EXERCISE
Only an exact, complete copy of the listing will serve as the answer.

::: DATASET ENTRIES :::

Theorem theorem1 (R : realType) (m N : nat) (A : 'M[R]_(m, N)) (y : 'cV[R]_m)
  (lam q mu : R) (x : nat -> 'cV[R]_N) :
  0 < lam -> 0 < q -> q < 1 ->
  0 < mu -> mu * Lmax A < 1 ->
  is_GAITA A y lam q mu x ->
  (exists phi : nat -> nat, (forall n, (phi n < phi n.+1)%N) /\
                            cvg ((x \o phi) @ \oo)) /\
  closed (limit_points x) /\ connected (limit_points x).
Proof.
move=> lam_gt0 q_gt0 q_lt1 mu_gt0 mu_Lmax x_gaita.
have xK := gaita_bounded lam_gt0 q_gt0 q_lt1 mu_gt0 mu_Lmax x_gaita.
have cK := @compact_cV_box R N ((Tlam A y lam q (x 0%N) / lam) `^ q^-1).
rewrite limit_pointsE; split; last split.
- have [p [_ /cluster_subseqP[phi [phi_incr phi_cvg]]]] := compact_cluster_seq cK xK.
  by exists phi; split=> //; apply/cvg_ex; exists p.
- exact: closed_cluster_seq.
- apply: connected_cluster_seq cK xK _.
  exact: gaita_step_cvg0 lam_gt0 q_gt0 q_lt1 mu_gt0 mu_Lmax x_gaita.
Qed.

:::

FINISHED EXERCISE
Theorem theorem1 (R : realType) (m N : nat) (A : 'M[R]_(m, N)) (y : 'cV[R]_m)
  (lam q mu : R) (x : nat -> 'cV[R]_N) :
  0 < lam -> 0 < q -> q < 1 ->
  0 < mu -> mu * Lmax A < 1 ->
  is_GAITA A y lam q mu x ->
  (exists phi : nat -> nat, (forall n, (phi n < phi n.+1)%N) /\
                            cvg ((x \o phi) @ \oo)) /\
  closed (limit_points x) /\ connected (limit_points x).
Proof.
move=> lam_gt0 q_gt0 q_lt1 mu_gt0 mu_Lmax x_gaita.
have xK := gaita_bounded lam_gt0 q_gt0 q_lt1 mu_gt0 mu_Lmax x_gaita.
have cK := @compact_cV_box R N ((Tlam A y lam q (x 0%N) / lam) `^ q^-1).
rewrite limit_pointsE; split; last split.
- have [p [_ /cluster_subseqP[phi [phi_incr phi_cvg]]]] := compact_cluster_seq cK xK.
  by exists phi; split=> //; apply/cvg_ex; exists p.
- exact: closed_cluster_seq.
- apply: connected_cluster_seq cK xK _.
  exact: gaita_step_cvg0 lam_gt0 q_gt0 q_lt1 mu_gt0 mu_Lmax x_gaita.
Qed.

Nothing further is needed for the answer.